Rams leave their bachelor pads, called "ram bands," and join the ewes for their once-a-year courting ceremonies in mid- to late-November. It is a time of year when little else matters to the rams but hitting heads and wooing the females.

And it is a time for the ewes to step back and watch this battle for their affections.

The reason it's a good time to view sheep is that with all this activity, the sheep are less wary of people, gather in larger groups and are more likely to be seen. Which is why the Utah Division of Wildlife Resources holds its annual Bighorn Sheep Festival at this time of year.

The Moab festival will run Friday evening and most of the day on Saturday. The Provo festival will be Saturday from 10 a.m. to 2 p.m.

On Friday, in Moab, at 7 p.m., Bill Bates, regional big game manager, will present a PowerPoint program on the history and ecology of the bighorn.

Saturday, in Moab, DWR staff will guide auto safaris to areas where sheep have been seen. The Moab trip will begin at 8 a.m. from the Moab Information Center in the middle of town. The subject matter will be the desert bighorn.

The Provo event will begin at 10 a.m. at Rock Canyon Park, 2620 N. 1200 East. The subject matter here will be the Rocky Mountain bighorn.

Both events are free.

There are three species of bighorn found in Utah:

• Desert bighorns live in several locations in southern Utah.

• California bighorn sheep have been translocated to Antelope Island State Park and the Newfoundland Mountain range in northwestern Utah.

• Rocky Mountain bighorn sheep are found at several Utah locations, including Utah County, Flaming Gorge Reservoir, the North Slope of the Uinta Mountains, Desolation Canyon and Dinosaur National Monument.

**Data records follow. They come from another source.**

(* Let $\langle X,\tau\rangle$ be a topological space that is a continuous open image of the Sorgenfrey line, and let $F\subseteq X$ be a nonempty closed subset such that the subspace $\langle F,\tau\upharpoonright F\rangle$ has no isolated points. Then $\langle F,\tau\upharpoonright F\rangle$ is a continuous open image of the Sorgenfrey line.
   Context: The Sorgenfrey line is $\mathbb R$ with topology generated by $\{[a,b)\}$; ''continuous open image'' means image under a continuous open surjection. *)

From HB Require Import structures.
From mathcomp Require Import all_boot all_order all_algebra.
From mathcomp Require Import all_classical all_reals all_analysis.
Set Implicit Arguments. Unset Strict Implicit. Unset Printing Implicit Defensive.
Import Order.TTheory GRing.Theory Num.Theory.
Local Open Scope classical_set_scope.
Local Open Scope ring_scope.

(* The Sorgenfrey line: the carrier of a real field R with the topology
   generated by the base of half-open intervals [a, b). *)
Definition sorgenfrey (R : realType) : Type := R.

Section Sorgenfrey.
Variable R : realType.
HB.instance Definition _ := Choice.on (sorgenfrey R).

Definition hoitv (a c : R) : set (sorgenfrey R) := [set x : R | a <= x < c].

Definition sorgenfrey_open : set_system (sorgenfrey R) :=
  [set U | forall x, U x -> exists a c, hoitv a c x /\ hoitv a c `<=` U].

Let sopT : sorgenfrey_open setT.
Proof.
move=> x _; exists x, (x + 1); split => //.
by rewrite /hoitv /= lexx ltrDl ltr01.
Qed.

Let sopI : setI_closed sorgenfrey_open.
Proof.
move=> U V hU hV x [/hU [a1 [c1 [hx1 s1]]] /hV [a2 [c2 [hx2 s2]]]].
move: hx1 hx2; rewrite /hoitv /= => /andP[ha1 hb1] /andP[ha2 hb2].
exists (Order.max a1 a2), (Order.min c1 c2); split.
  by rewrite /= ge_max lt_min ha1 ha2 hb1 hb2.
move=> s /=; rewrite ge_max lt_min => /andP[/andP[h1 h2] /andP[h3 h4]].
by split; [apply: s1 | apply: s2]; rewrite /hoitv /= ?h1 ?h2 ?h3 ?h4.
Qed.

Let sop_bigU (J : Type) (f : J -> set (sorgenfrey R)) :
  (forall i, sorgenfrey_open (f i)) -> sorgenfrey_open (\bigcup_i f i).
Proof.
move=> hf x [i _ /hf [a [c [hx s]]]]; exists a, c; split => // y /s fy.
by exists i.
Qed.

HB.instance Definition _ := isOpenTopological.Build (sorgenfrey R) sopT sopI sop_bigU.
End Sorgenfrey.

Definition continuous_open_image_sorgenfrey (R : realType) (Y : topologicalType) : Prop :=
  exists f : sorgenfrey R -> Y,
    [/\ continuous f,
        (forall U : set (sorgenfrey R), open U -> open (f @` U)) &
        (forall y : Y, exists x : sorgenfrey R, f x = y)].

From HB Require Import structures.
From mathcomp Require Import all_boot all_order all_algebra.
From mathcomp Require Import all_classical all_reals all_analysis.
From mathcomp Require Import ring lra.
Import Order.TTheory GRing.Theory Num.Theory.
Local Open Scope classical_set_scope.
Local Open Scope ring_scope.
Set Implicit Arguments. Unset Strict Implicit. Unset Printing Implicit Defensive.

(* Let f be a continuous open surjection from the Sorgenfrey line S onto X,
   and C := f^-1(F).  In terms of the order of the reals, C is
   - right-closed: y is in C as soon as C meets every [y, y + e), because F
     is closed and f continuous;
   - right-perfect: every c in C has points of C in every (c, c + e),
     because f maps [c, c + e) onto an open set and F has no isolated point.
   The heart of the file builds, for any nonempty right-closed right-perfect
   C, a map g : R -> R onto C that is right-continuous and maps every
   [x, x + d) onto a Sorgenfrey neighbourhood of g x relative to C.  On each
   unit interval, g is the limit map of a binary tree whose nodes pair a
   dyadic parameter interval with a window of the line starting at a point
   of C; a node is split by halving the parameter interval and cutting the
   window at the first point of C past the middle of its C-part, so that
   along every branch both the parameter length and the width of the
   C-part of the window at least halve.  Finally x |-> f (g x), corestricted
   to F, is a continuous open surjection onto the subspace F. *)

Lemma halving_lt (R : archiFieldType) (x : nat -> R) :
  (forall n, 0 <= x n) -> (forall n, x n.+1 <= x n / 2) ->
  forall e, 0 < e -> exists n, x n < e.
Proof.
move=> x_ge0 x_half e e_gt0.
have x_pow n : x n * 2 ^+ n <= x 0%N.
  elim: n => [|n IHn]; first by rewrite expr0 mulr1.
  rewrite exprS mulrA (mulrC (x n.+1)); apply: le_trans IHn.
  by apply: ler_wpM2r; [rewrite exprn_ge0 | have := x_half n; lra].
pose N := (Num.truncn (x 0%N / e)).+1.
have pow_gt : x 0%N < e * 2 ^+ N.
  have N_gt : x 0%N / e < N%:R by apply: truncnS_gt.
  have N_le : N%:R <= 2 ^+ N :> R by rewrite -natrX ler_nat ltnW // ltn_expl.
  rewrite ltr_pdivrMr // in N_gt; apply: (lt_le_trans N_gt).
  by rewrite mulrC ler_pM2l.
exists N; rewrite -(ltr_pM2r (exprn_gt0 N (ltr0n R 2))).
exact: le_lt_trans (x_pow N) pow_gt.
Qed.

Lemma floor_unit (R : archiRealFieldType) (k : int) (y : R) :
  k%:~R <= y < k%:~R + 1 -> Num.floor y = k.
Proof. by move=> ky; apply: floor_def; rewrite intrD. Qed.

Lemma frac_in (R : archiRealFieldType) (x : R) : 0 <= x - (Num.floor x)%:~R < 1.
Proof.
rewrite subr_ge0 floor_le /=; have := floorD1_gt x.
by rewrite intrD; lra.
Qed.

(* Order-theoretic shadows, on the real line, of "closed" and "without
   isolated points" for subsets of the Sorgenfrey line. *)
Definition right_closed (R : realType) (C : set R) : Prop :=
  forall y, (forall e, 0 < e -> exists c, C c /\ y <= c < y + e) -> C y.

Definition right_perfect (R : realType) (C : set R) : Prop :=
  forall c, C c -> forall e, 0 < e -> exists c', C c' /\ c < c' < c + e.

Definition sorgenfrey_continuous (R : realType) (g : R -> R) : Prop :=
  forall x e, 0 < e -> exists2 d, 0 < d &
    forall y, x <= y < x + d -> g x <= g y < g x + e.

Definition sorgenfrey_open_onto (R : realType) (C : set R) (g : R -> R) : Prop :=
  forall x d, 0 < d -> exists2 eta, 0 < eta &
    forall c, C c -> g x <= c < g x + eta -> exists y, x <= y < x + d /\ g y = c.

Section SplittingTree.
Variables (R : realType) (C : set R).
Hypotheses (C_rclosed : right_closed C) (C_rperfect : right_perfect C).

Definition window (l u : R) : set R := [set c | C c /\ l <= c < u].
Definition width (l u : R) : R := sup (window l u) - l.
Definition cut_point (l u : R) : R := inf [set c | C c /\ l + width l u / 2 <= c].
Definition proper_window (l u : R) : Prop := C l /\ l < u.

Lemma right_closed_inf (A : set R) :
  A `<=` C -> A !=set0 -> has_lbound A -> C (inf A).
Proof.
move=> AC A0 A_lb; apply: C_rclosed => e e_gt0.
have [a Aa a_lt] := inf_adherent e_gt0 (conj A0 A_lb).
by exists a; split; [apply: AC | rewrite a_lt andbT; apply: ge_inf].
Qed.

Lemma window_has_sup l u : proper_window l u -> has_sup (window l u).
Proof.
move=> [Cl lu]; split; first by exists l; split => //; rewrite lexx lu.
by exists u => c [_ /andP[_ /ltW]].
Qed.

Lemma window_le l u c : proper_window l u -> window l u c -> c <= l + width l u.
Proof.
by move=> lu wc; rewrite /width addrC subrK; apply: ub_le_sup (window_has_sup lu).2 _ wc.
Qed.

Lemma width_gt0 l u : proper_window l u -> 0 < width l u.
Proof.
move=> lu; have [Cl l_lt_u] := lu.
have ul_gt0 : 0 < u - l by lra.
have [c [Cc /andP[lc cu]]] := C_rperfect Cl ul_gt0.
have : window l u c by split => //; rewrite (ltW lc) /=; lra.
by move/(window_le lu); lra.
Qed.

Lemma cut_spec l u : proper_window l u ->
  [/\ C (cut_point l u), l < cut_point l u, cut_point l u < u &
      l + width l u / 2 <= cut_point l u].
Proof.
move=> lu; have [Cl l_lt_u] := lu; have w_gt0 := width_gt0 lu.
pose A := [set c | C c /\ l + width l u / 2 <= c].
have [c wc sup_lt] := sup_adherent (divr_gt0 w_gt0 (ltr0n R 2)) (window_has_sup lu).
have Ac : A c by split; [case: wc | rewrite /width in sup_lt *; lra].
have A_lb : has_lbound A by exists (l + width l u / 2) => x [].
have cut_ge : l + width l u / 2 <= cut_point l u by apply: lb_le_inf => [|x []]; [exists c|].
have cut_le : cut_point l u <= c by apply: ge_inf.
have [_ /andP[_ cu]] := wc.
split => //; [|lra|lra].
by apply: right_closed_inf => //; [move=> x [] | exists c].
Qed.

Lemma proper_cutl l u : proper_window l u -> proper_window l (cut_point l u).
Proof. by move=> lu; have [Cl _] := lu; have [_ ? _ _] := cut_spec lu. Qed.

Lemma proper_cutr l u : proper_window l u -> proper_window (cut_point l u) u.
Proof. by move=> lu; have [? _ ? _] := cut_spec lu. Qed.

Lemma width_cutl l u : proper_window l u -> width l (cut_point l u) <= width l u / 2.
Proof.
move=> lu; have [_ l_lt_cut _ cut_ge] := cut_spec lu; have [Cl _] := lu.
rewrite {1}/width; suff : sup (window l (cut_point l u)) <= l + width l u / 2 by lra.
apply: ge_sup => [|x [Cx /andP[lx x_lt_cut]]]; first by exists l; split; rewrite ?lexx.
rewrite leNgt; apply/negP => x_gt.
have : cut_point l u <= x.
  by apply: ge_inf; [exists (l + width l u / 2) => y [] | split => //; lra].
lra.
Qed.

Lemma width_cutr l u : proper_window l u -> width (cut_point l u) u <= width l u / 2.
Proof.
move=> lu; have [C_cut l_lt_cut cut_lt cut_ge] := cut_spec lu.
rewrite {1}/width; suff : sup (window (cut_point l u) u) <= l + width l u by lra.
apply: ge_sup => [|x [Cx /andP[cx xu]]]; first by exists (cut_point l u); split; rewrite ?lexx.
by apply: window_le lu _; split => //; rewrite xu andbT; lra.
Qed.

(* A node of the tree pairs a parameter interval [plo, phi) with a window
   [wlo, whi).  Its two children halve the parameter interval and cut the
   window; following a decision procedure dec from s0 gives a branch. *)
Record node := Node { plo : R; phi : R; wlo : R; whi : R }.

Definition pmid (s : node) : R := (plo s + phi s) / 2.
Definition ncut (s : node) : R := cut_point (wlo s) (whi s).
Definition nwidth (s : node) : R := width (wlo s) (whi s).
Definition in_node (s : node) : set R := window (wlo s) (whi s).
Definition valid (s : node) : Prop := proper_window (wlo s) (whi s) /\ plo s < phi s.

Definition child (left : bool) (s : node) : node :=
  if left then Node (plo s) (pmid s) (wlo s) (ncut s)
  else Node (pmid s) (phi s) (ncut s) (whi s).

Definition branch (dec : node -> bool) (s0 : node) (n : nat) : node :=
  iter n (fun s => child (dec s) s) s0.

Lemma branchS dec s0 n :
  branch dec s0 n.+1 = child (dec (branch dec s0 n)) (branch dec s0 n).
Proof. by []. Qed.

Lemma child_valid b s : valid s -> valid (child b s).
Proof.
move=> [ws ps]; case: b; rewrite /child /pmid; split => /=.
- exact: proper_cutl.
- lra.
- exact: proper_cutr.
- lra.
Qed.

Lemma branch_valid dec s0 n : valid s0 -> valid (branch dec s0 n).
Proof. by move=> s0_valid; elim: n => // n IHn; rewrite branchS; apply: child_valid. Qed.

Lemma child_nest b s : valid s ->
  [/\ plo s <= plo (child b s), phi (child b s) <= phi s,
      wlo s <= wlo (child b s) & whi (child b s) <= whi s].
Proof.
move=> [ws ps]; have [_ l_lt_cut cut_lt_u _] := cut_spec ws.
by case: b; rewrite /child /pmid /ncut /=; split; lra.
Qed.

Lemma child_plen b s : phi (child b s) - plo (child b s) = (phi s - plo s) / 2.
Proof. by case: b; rewrite /child /pmid /=; field. Qed.

Lemma child_width b s : valid s -> nwidth (child b s) <= nwidth s / 2.
Proof. by move=> [ws _]; case: b; [apply: width_cutl | apply: width_cutr]. Qed.

Lemma branch_nest dec s0 i j : valid s0 -> (i <= j)%N ->
  let s := branch dec s0 i in let s' := branch dec s0 j in
  [/\ plo s <= plo s', phi s' <= phi s, wlo s <= wlo s' & whi s' <= whi s].
Proof.
move=> s0_valid /subnKC <-; elim: (j - i)%N => [|k [h1 h2 h3 h4]] /=.
  by rewrite addn0 !lexx.
rewrite addnS branchS.
have [k1 k2 k3 k4] :=
  child_nest (dec (branch dec s0 (i + k))) (branch_valid dec (i + k) s0_valid).
split; lra.
Qed.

The desert bighorn are, by nature, timid animals, preferring remote seclusion to hectic traffic, and are therefore more difficult to locate.

The greatest number of animals are found in the southeastern part of Utah, in units such as Potash, Dirty Devil, Little Rock, San Juan and Kaiparowits.

These sheep, said Bates, come from an original herd that survived the crash of sheep numbers back in the early uranium days in the 1950s and 1960s, and diseases brought in by domestic sheep.